While testing an application using the xpmem (out of kernel) driver, we
noticed a significant page fault rate reduction of x86_64 with respect
to ia64.  For one test running with 32 cpus, one thread per cpu, it
took 01:08 for each of the threads to vm_insert_pfn 2GB worth of pages.
For the same test running on 256 cpus, one thread per cpu, it took 14:48
to vm_insert_pfn 2 GB worth of pages.

The slowdown was tracked to lookup_memtype which acquires the
spinlock memtype_lock.  This heavily contended lock was slowing down
vm_insert_pfn().

With the cmpxchg on page->flags method, both the 32 cpu and 256 cpu
cases take approx 00:01.3 seconds to complete.

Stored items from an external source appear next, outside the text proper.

(* Let $b>0$, let $f:[-b,b]\to\mathbb{R}$ be an odd function whose restriction to $[0,b]$ is convex, and let $p:[-b,b]\to[0,\infty)$ be a nondecreasing function that does not vanish on $(-b/3,b]$. Then for every $a\in[-b/3,b)$, \[ f\left(\frac{1}{\int_a^b p(x)\,dx}\int_a^b x\,p(x)\,dx\right)\le\frac{1}{\int_a^b p(x)\,dx}\int_a^b f(x)\,p(x)\,dx. \] *)

From Stdlib Require Import Reals Lra.
From Coquelicot Require Import Coquelicot.
Open Scope R_scope.

Definition odd_on (b : R) (f : R -> R) : Prop :=
  forall x, -b <= x <= b -> f (- x) = - f x.

Definition convex_on (l u : R) (f : R -> R) : Prop :=
  forall x y t, l <= x <= u -> l <= y <= u -> 0 <= t <= 1 ->
    f (t * x + (1 - t) * y) <= t * f x + (1 - t) * f y.

Definition nondecr_on (l u : R) (p : R -> R) : Prop :=
  forall x y, l <= x <= u -> l <= y <= u -> x <= y -> p x <= p y.

From Stdlib Require Import Reals Lra.
From Coquelicot Require Import Coquelicot.
Open Scope R_scope.

(* Write P = ∫ p and m = (∫ x p) / P for the barycenter. Since p is nondecreasing and
   positive on (|a|, b], the barycenter lies in (0, b), where f has a supporting line
   ℓ(x) = f m + c (x - m); oddness gives f 0 = 0, hence ℓ(0) <= 0. The integral
   ∫ (f - ℓ) p is nonnegative: on [|a|, b] the integrand is, and on [a, |a|] the points
   y and -y pair off, f (-y) = - f y and p (-y) <= p y making each pair's contribution
   nonnegative. As ∫ ℓ p = f m * P, this is the claim. Every integrand is Riemann
   integrable because p is monotone and f - ℓ decreases up to m and increases after. *)

(** * Riemann integrals of real functions *)

(* Coquelicot states these for an arbitrary normed module; the specialisations to [R]
   rewrite and apply on goals written with [+], [-] and [*]. *)
Lemma RInt_plusR (f g : R -> R) a b : ex_RInt f a b -> ex_RInt g a b ->
  RInt (fun x => f x + g x) a b = RInt f a b + RInt g a b.
Proof. now apply (RInt_plus (V := R_CompleteNormedModule)). Qed.
Lemma Sigma_dom_mono (D D' : V -> Prop) (f : V -> E) : (forall x, D x -> D' x) ->
  forall x, Sigma_dom (PMap D f) x -> Sigma_dom (PMap D' f) x.
Proof.
by move=> DD' x [a [[aD conv] ax]]; exists a; split=> //; split=> // n; exact: DD' (aD n).
Qed.

Lemma Pi_dom_complete s t x : Pi_complete t -> extends s t -> Pi_dom s x -> dom t x.
Proof. by move=> tc st [a [sa ax]]; case: (tc a (conv_dec_extends st sa) x ax). Qed.

Lemma Sigma_dom_complete s t x :
  Sigma_complete t -> extends s t -> Sigma_dom s x -> dom t x.
Proof. by move=> tc st [a [sa ax]]; case: (tc a (conv_inc_extends st sa) x ax). Qed.

Lemma Pi_ext_extends s t u : Pi_complete t -> extends s t -> Pi_ext s u -> extends u t.
Proof.
move=> tc st [udom [_ uval]]; split=> x /udom [a [sa ax]].
  by case: (tc a (conv_dec_extends st sa) x ax).
have [_] := tc a (conv_dec_extends st sa) x ax.
rewrite (extends_fn_seq st sa.1) => tinf; exact: is_infimum_unique tinf (uval a sa x ax).
Qed.

Lemma Sigma_ext_extends s t u :
  Sigma_complete t -> extends s t -> Sigma_ext s u -> extends u t.
Proof.
move=> tc st [udom [_ uval]]; split=> x /udom [a [sa ax]].
  by case: (tc a (conv_inc_extends st sa) x ax).
have [_] := tc a (conv_inc_extends st sa) x ax.
rewrite (extends_fn_seq st sa.1) => tsup; exact: is_supremum_unique tsup (uval a sa x ax).
Qed.

Lemma peq_extends u s t : peq u s -> extends s t -> extends u t.
Proof.
move=> [us us_fn] [st st_fn]; split=> x ux; first by apply: st; apply/us.
by rewrite st_fn ?us_fn //; apply/us.
Qed.

Lemma extends_cover (I : Type) (J : I -> Prop) (P : I -> pmap) u t :
  (forall x, dom u x -> exists i, J i /\ dom (P i) x) ->
  (forall i, J i -> extends (P i) u) -> (forall i, J i -> extends (P i) t) ->
  extends u t.
Proof.
move=> cover Pu Pt; split=> x /cover [i [Ji xi]]; first exact: (Pt i Ji).1.
by rewrite (Pt i Ji).2 // (Pu i Ji).2.
Qed.

Lemma hierarchy_extends phi t (W : Type) (lt : W -> W -> Prop) (P S : W -> pmap) :
  well_founded lt -> hierarchy phi lt P S -> extends phi t -> complete t ->
  forall b, extends (P b) t /\ extends (S b) t.
Proof.
move=> lt_wf hier phit [tPi tSigma]; elim/(well_founded_ind lt_wf) => b IH.
have [hmin [hsucc hlim]] := hier b.
have [[g gb]|nopred] := EM (exists g, is_pred lt g b).
  have [Pg Sg] := IH g gb.1; have [PiS SigmaP] := hsucc g gb.
  by split; [exact: Pi_ext_extends PiS | exact: Sigma_ext_extends SigmaP].
have [[g gb]|nolt] := EM (exists g, lt g b).
  have [Pdom [Pext [Sdom Sext]]] := hlim (ex_intro _ g gb) ((forallNP _).2 nopred).
  split; first by apply: (extends_cover (P := P) (J := lt^~ b)) => [x /Pdom|//|h /IH[]].
  by apply: (extends_cover (P := S) (J := lt^~ b)) => [x /Sdom|//|h /IH[]].
have [Pphi Sphi] := hmin ((forallNP _).2 nolt).
by split; apply: peq_extends phit.
Qed.

Lemma collapsed_at_extends phi t Q :
  collapsed_at phi Q -> extends phi t -> complete t -> extends Q t.
Proof.
move=> [W [lt [P [S [a [[lt_wf _] [hier [_ [_ [Qa _]]]]]]]]]] phit tc.
have [Pa Sa] := hierarchy_extends lt_wf hier phit tc a.
by case: Qa => ->.
Qed.

Lemma valuation_restrict t (D : V -> Prop) : valuation t -> sublattice D ->
  (forall x, D x -> dom t x) -> valuation (PMap D (fn t)).
Proof.
move=> [_ [mono modular]] sD Dt.
by split=> //; split=> x y /Dt tx /Dt ty; [exact: mono | exact: modular].
Qed.

Hypotheses (distrV : sigma_distributive V) (poE : po_group E) (RcE : R_complete E).
(* Soundness: the truth of a
   formula of depth n at a pair (a, b) only depends on the depth-n colours of a
   and b and on their atomic type (equality and the two edge directions).  For
   a counting quantifier, the witnesses split by their atomic type relative to
   the fixed node; in each class their number, capped at c, is read off from
   the c-bounded multiset of colours of that class, and a threshold k <= c
   cannot tell two numbers with the same cap apart.  Completeness: nodes of
   distinct depth-n colours are separated by formulas, whose conjunctions define
   every depth-n colour class by a formula chi(x); if two c-bounded multisets
   of a class t differ at the colour of chi, then
   exists_m y (atype(y, x) = t /\ chi(y)) separates the nodes for the larger of
   the two capped counts m. *)

Lemma minn_sum (I : Type) c (r : seq I) (P : pred I) (F : I -> nat) :
  minn c (\sum_(i <- r | P i) F i) = minn c (\sum_(i <- r | P i) minn c (F i)).
Proof.
elim: r => [|i r IHr]; rewrite ?big_nil ?big_cons //.
by case: (P i) => //; lia.
Qed.

Lemma leq_capped c k m n : k <= c -> minn c m = minn c n -> (k <= m) = (k <= n).
Proof. by move=> kc E; apply/idP/idP; lia. Qed.

Lemma count_undupE (T : eqType) (P : pred T) (s : seq T) :
  count P s = \sum_(x <- undup s | P x) count_mem x s.
Proof.
rewrite -sum1_count -big_undup_iterop_count.
by apply: eq_bigr => x _; rewrite Monoid.iteropE iter_addn_0 mul1n.
Qed.

Lemma count_enum (T : finType) (A p : pred T) :
  count p (enum A) = #|[pred x | A x && p x]|.
Proof. by rewrite -sum1_count big_enum_cond sum1_card. Qed.

Section BoundedMultiset.
Variables (K : choiceType) (c : nat).
Implicit Types s : seq K.

Lemma bmsetE s x : bmset c s x = minn c (count_mem x s).
Proof.
by rewrite fsfunE inE; case: ifPn => // /count_memPn ->; rewrite minn0.
Qed.

Lemma eq_bmset s1 s2 :
  bmset c s1 = bmset c s2 <-> forall x, minn c (count_mem x s1) = minn c (count_mem x s2).
Proof.
split=> [E x|E]; first by rewrite -!bmsetE E.
by apply/fsfunP => x; rewrite !bmsetE.
Qed.

Lemma bmset_mem s1 s2 : 0 < c -> bmset c s1 = bmset c s2 -> s1 =i s2.
Proof.
move=> c_gt0 /eq_bmset E x; move: (E x).
by rewrite -!has_pred1 !has_count; lia.
Qed.

Lemma bmset_count s1 s2 (P : pred K) :
  bmset c s1 = bmset c s2 -> minn c (count P s1) = minn c (count P s2).
Proof.
have [->|c_gt0 E] := posnP c; first by rewrite !min0n.
rewrite !count_undupE minn_sum [RHS]minn_sum.
rewrite (perm_big _ (perm_undup (bmset_mem c_gt0 E))).
by congr minn; apply: eq_bigr => x _; move/eq_bmset: E => ->.
Qed.

Lemma bmset_neq s1 s2 : bmset c s1 <> bmset c s2 ->
  exists2 x, x \in s1 ++ s2 & minn c (count_mem x s1) != minn c (count_mem x s2).
Proof.
move=> neq; apply/hasP; apply: contra_notT neq => /hasPn E.
apply/eq_bmset => x; have [/E/negPn/eqP //|] := boolP (x \in s1 ++ s2).
by rewrite mem_cat negb_or => /andP[/count_memPn -> /count_memPn ->].
Qed.

Lemma bmset_map_count (T1 T2 : eqType) (W1 : T1 -> K) (W2 : T2 -> K)
    (s1 : seq T1) (s2 : seq T2) (p1 : pred T1) (p2 : pred T2) :
  bmset c (map W1 s1) = bmset c (map W2 s2) ->
  {in s1 & s2, forall x y, W1 x = W2 y -> p1 x = p2 y} ->
  minn c (count p1 s1) = minn c (count p2 s2).
Proof.
have [->|c_gt0 E p12] := posnP c; first by rewrite !min0n.
(* For c > 0 both sequences realise the same colours, so p1 and p2 factor
   through the single colour predicate P below. *)
have match12 x : x \in s1 -> exists2 y, y \in s2 & W1 x = W2 y.
  by move=> xs; apply/mapP; rewrite -(bmset_mem c_gt0 E) map_f.
have match21 y : y \in s2 -> exists2 x, x \in s1 & W1 x = W2 y.
  move=> ys; have /mapP[x xs ->] : W2 y \in map W1 s1.
    by rewrite (bmset_mem c_gt0 E) map_f.
  by exists x.
pose P k := has (fun x => (W1 x == k) && p1 x) s1.
have P1 : {in s1, forall x, P (W1 x) = p1 x}.
  move=> x xs; have [y ys Exy] := match12 x xs.
  apply/idP/idP => [/hasP[x' x's /andP[/eqP Ex' p1x']]|p1x].
    by rewrite (p12 x y) // -(p12 x' y) // Ex'.
  by apply/hasP; exists x; rewrite ?eqxx.
have P2 : {in s2, forall y, P (W2 y) = p2 y}.
  by move=> y ys; have [x xs Exy] := match21 y ys; rewrite -Exy P1 // (p12 x y).
rewrite -(eq_in_count P1) -(eq_in_count P2) -!count_map.
exact: bmset_count.
Qed.

End BoundedMultiset.

Section C2Syntax.
Variable d : nat.
Implicit Types (G : digraph d) (f g : C2form d).

Definition swap_var (z : var) : var := if z is VX then VY else VX.

Fixpoint swapf f : C2form d :=
  match f with
  | CP i z => CP i (swap_var z)
  | CE z z' => CE d (swap_var z) (swap_var z')
  | CEq z z' => CEq d (swap_var z) (swap_var z')
  | CNot g => CNot (swapf g)
  | CAnd g h => CAnd (swapf g) (swapf h)
  | COr g h => COr (swapf g) (swapf h)
  | CEx k z g => CEx k (swap_var z) (swapf g)
  end.

Lemma sat_swapf G (a b : G) f : sat a b (swapf f) = sat b a f.
Proof.
elim: f a b => [i z|z z'|z z'|g IHg|g IHg h IHh|g IHg h IHh|k z g IHg] a b /=.
- by case: z.
- by case: z; case: z'.
- by case: z; case: z'.
- by rewrite IHg.
- by rewrite IHg IHh.
- by rewrite IHg IHh.
- by case: z => /=; congr (_ <= _); apply: eq_card => w; rewrite !inE IHg.
Qed.

Lemma qdepth_swapf f : qdepth (swapf f) = qdepth f.
Proof. by elim: f => //= [g -> h -> | g -> h -> | k z g ->]. Qed.

Lemma counts_le_swapf c f : counts_le c (swapf f) = counts_le c f.
Proof. by elim: f => //= [g -> h -> | g -> h -> | k z g ->]. Qed.

Lemma sat_notin_VY G (a b b' : G) f : ~~ free_in VY f -> sat a b f = sat a b' f.
Proof.
elim: f a b b' => [i z|z z'|z z'|g IHg|g IHg h IHh|g IHg h IHh|k z g IHg] a b b' /=.
- by case: z.
- by case: z; case: z'.
- by case: z; case: z'.
- by move=> fg; rewrite (IHg a b b').
- by rewrite negb_or => /andP[fg fh]; rewrite (IHg a b b') ?(IHh a b b').
- by rewrite negb_or => /andP[fg fh]; rewrite (IHg a b b') ?(IHh a b b').
- by case: z => //= fg; congr (_ <= _); apply: eq_card => w; rewrite !inE (IHg w b b').
Qed.

Definition CTrue : C2form d := CEq d VX VX.

Definition lit (q : bool) f : C2form d := if q then f else CNot f.

Lemma sat_lit G (a b : G) q f : sat a b (lit q f) = (sat a b f == q).
Proof. by case: q => /=; [rewrite eqb_id | rewrite eqbF_neg]. Qed.

Lemma C2lc_unary_lit l c q f : C2lc_unary l c (lit q f) = C2lc_unary l c f.
Proof. by case: q. Qed.

Lemma C2lc_unary_and l c f g :
  C2lc_unary l c (CAnd f g) = C2lc_unary l c f && C2lc_unary l c g.
Proof.
rewrite /C2lc_unary /= geq_max negb_or.
by case: (qdepth f <= l); case: (counts_le c f); case: (free_in VY f); rewrite /= ?andbF.
Qed.

Lemma C2lc_unary_succ l c f : C2lc_unary l c f -> C2lc_unary l.+1 c f.
Proof. by case/and3P => df cf yf; apply/and3P; split => //; apply: leqW. Qed.

End C2Syntax.

Section WLColours.
Variables (d c : nat).
Implicit Types G H : digraph d.

Definition atype G (a b : G) : bool * bool * bool := (a == b, edge a b, edge b a).

Lemma atype_refl G (a : G) : atype a a = (true, false, false).
Proof. by rewrite /atype eqxx edge_irr. Qed.

Lemma atype_flip G H (a b : G) (a' b' : H) :
  atype a b = atype a' b' -> atype b a = atype b' a'.
Proof. by rewrite /atype eq_sym [b' == _]eq_sym => -[-> -> ->]. Qed.

Definition wl_class G n (v : G) (t : bool * bool * bool) :=
  bmset_of c (wl c n) [pred w | atype w v == t].

Lemma eq_bmset_of G n (W : G -> colT d n) (P Q : pred G) :
  P =i Q -> bmset_of c W P = bmset_of c W Q.
Proof. by move=> PQ; rewrite /bmset_of (eq_enum PQ). Qed.

Lemma wl_succE G n (v : G) :
  wl c n.+1 v = (wl c n v, wl_class n v (false, true, true), wl_class n v (false, true, false),
                 wl_class n v (false, false, true), wl_class n v (false, false, false)).
Proof.
by congr (_, _, _, _, _); apply: eq_bmset_of => w; rewrite !inE /atype;
  case: (eqVneq w v) => [->|_]; rewrite ?edge_irr //=; case: (edge w v); case: (edge v w).
Qed.
(* Let $k,n\ge1$, $m=kn-1$, and let $\varphi\in C^\infty(\mathbb P_m\mathbb C)$ be $g$-admissible and $G_{n,k}$-invariant with $\sup_{\mathbb P_m\mathbb C}\varphi=0$. Then $(\varphi-\psi)([1,\dots,1])\ge0$.
   Context: Homogeneous coordinates on $\mathbb P_m\mathbb C$, $m=kn-1$, are written $[z_0,\dots,z_m]=[Z_0,\dots,Z_{k-1}]$ with blocks $Z_h=(z_{hn},\dots,z_{(h+1)n-1})$. The metric $g$ has components $g_{\lambda\bar\mu}=a_m\,\partial^2\ln(1+|z_1|^2+\cdots+|z_m|^2)/\partial z_\lambda\partial\bar z_\mu$ in the chart $\{z_0=1\}$, for a fixed $a_m>0$. $\varphi$ is $g$-admissible if $g_{\lambda\bar\mu}+\partial^2\varphi/\partial z_\lambda\partial\bar z_\mu$ is positive definite everywhere. $G_{n,k}$ is the automorphism group generated by swaps of two blocks $Z_i,Z_j$, multiplication of a single coordinate $z_p$ by $e^{i\theta}$, and transpositions of two coordinates in the same block. $\psi([z_0,\dots,z_m])=\ln\big((|z_0|\cdots|z_m|)^{2a_m/(m+1)}/(|z_0|^2+\cdots+|z_m|^2)^{a_m}\big)$, so that $\psi([1,\dots,1])=-a_m\ln(m+1)$. *)

From HB Require Import structures.
From mathcomp Require Import all_boot all_order all_algebra.
From mathcomp Require Import all_classical all_reals all_analysis.
From mathcomp Require Import all_fingroup complex zify.
Import Order.TTheory GRing.Theory Num.Theory numFieldNormedType.Exports.

Set Implicit Arguments.
Unset Strict Implicit.
Unset Printing Implicit Defensive.

Local Open Scope ring_scope.
Local Open Scope complex_scope.

Section Defs.
Variable R : realType.
Local Notation C := R[i].

Definition abs2 (z : C) : R := (complex.Re z) ^+ 2 + (complex.Im z) ^+ 2.
Definition cabs (z : C) : R := Num.sqrt (abs2 z).

Definition iterD {V : normedModType R} (vs : seq V) (f : V -> R) : V -> R :=
  foldr (fun v g => fun x => derive g x v) f vs.

Definition smooth {V : normedModType R} (f : V -> R) : Prop :=
  forall vs : seq V, continuous (iterD vs f) /\ forall x v, derivable (iterD vs f) x v.

Definition toC (M : nat) (xy : 'rV[R]_M * 'rV[R]_M) : 'rV[C]_M :=
  \row_i ((xy.1 0 i) +i* (xy.2 0 i)).

Definition ex (M : nat) (i : 'I_M) : 'rV[R]_M * 'rV[R]_M := (delta_mx 0 i, 0).
Definition ey (M : nat) (i : 'I_M) : 'rV[R]_M * 'rV[R]_M := (0, delta_mx 0 i).

Definition D2 (M : nat) (F : 'rV[R]_M * 'rV[R]_M -> R) (u v : 'rV[R]_M * 'rV[R]_M) x : R :=
  derive (fun y => derive F y v) x u.

(* complex Hessian  (d^2 F / dz_l d\bar z_m)_{l,m}  via the Wirtinger operators
   d/dz = (d/dx - i d/dy)/2,  d/d\bar z = (d/dx + i d/dy)/2 *)
Definition cplx_hessian (M : nat) (F : 'rV[R]_M * 'rV[R]_M -> R) xy : 'M[C]_M :=
  \matrix_(l, m)
    (((D2 F (ex l) (ex m) xy + D2 F (ey l) (ey m) xy) / 4%:R) +i*
     ((D2 F (ex l) (ey m) xy - D2 F (ey l) (ex m) xy) / 4%:R)).

Definition posdef (M : nat) (H : 'M[C]_M) : Prop :=
  forall v : 'rV[C]_M, v != 0 ->
    0 < \sum_(l < M) \sum_(m < M) H l m * v 0 l * (v 0 m)^*.

(* A function on P_m C is a function Phi on C^N that is invariant under
   nonzero scalings (its value at 0 is irrelevant). *)
Definition homogeneous0 (N : nat) (Phi : 'rV[C]_N -> R) : Prop :=
  forall (c : C) (z : 'rV[C]_N), c != 0 -> Phi (c *: z) = Phi z.

(* the standard affine chart {z_j = 1}: the coordinates other than z_j *)
Definition chart (N : nat) (j : 'I_N) (w : 'rV[C]_N.-1) : 'rV[C]_N :=
  \row_p (if unlift j p is Some i then w 0 i else 1).

Definition phi_loc (N : nat) (Phi : 'rV[C]_N -> R) (j : 'I_N) :
  'rV[R]_N.-1 * 'rV[R]_N.-1 -> R :=
  fun xy => Phi (chart j (toC xy)).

To: Ingo Molnar <mingo@redhat.com>
To: H. Peter Anvin <hpa@zytor.com>
To: Thomas Gleixner <tglx@linutronix.de>
Signed-off-by: Robin Holt <holt@sgi.com>
Cc: Venkatesh Pallipadi <venkatesh.pallipadi@intel.com>
Cc: Venkatesh Pallipadi <venkatesh.pallipadi@gmail.com>
Cc: Suresh Siddha <suresh.b.siddha@intel.com>
Cc: Linux Kernel Mailing List <linux-kernel@vger.kernel.org>
Cc: x86@kernel.org

---

Changes since -V2:
1) Cleared up the naming of the masks used in setting and clearing
the flags.


Changes since -V1:
1) Introduce atomically setting and clearing the page flags and not
using the global memtype_lock to protect page->flags.

2) This allowed me the opportunity to convert the rwlock back into a
spinlock and not affect _MY_ tests performance as all the pages my test
was utilizing are tracked by struct pages.

3) Corrected the commit log.  The timings were for 32 cpus and not 256.

 arch/x86/include/asm/cacheflush.h |   44 +++++++++++++++++++++-----------------
 arch/x86/mm/pat.c                 |    8 ------
 2 files changed, 25 insertions(+), 27 deletions(-)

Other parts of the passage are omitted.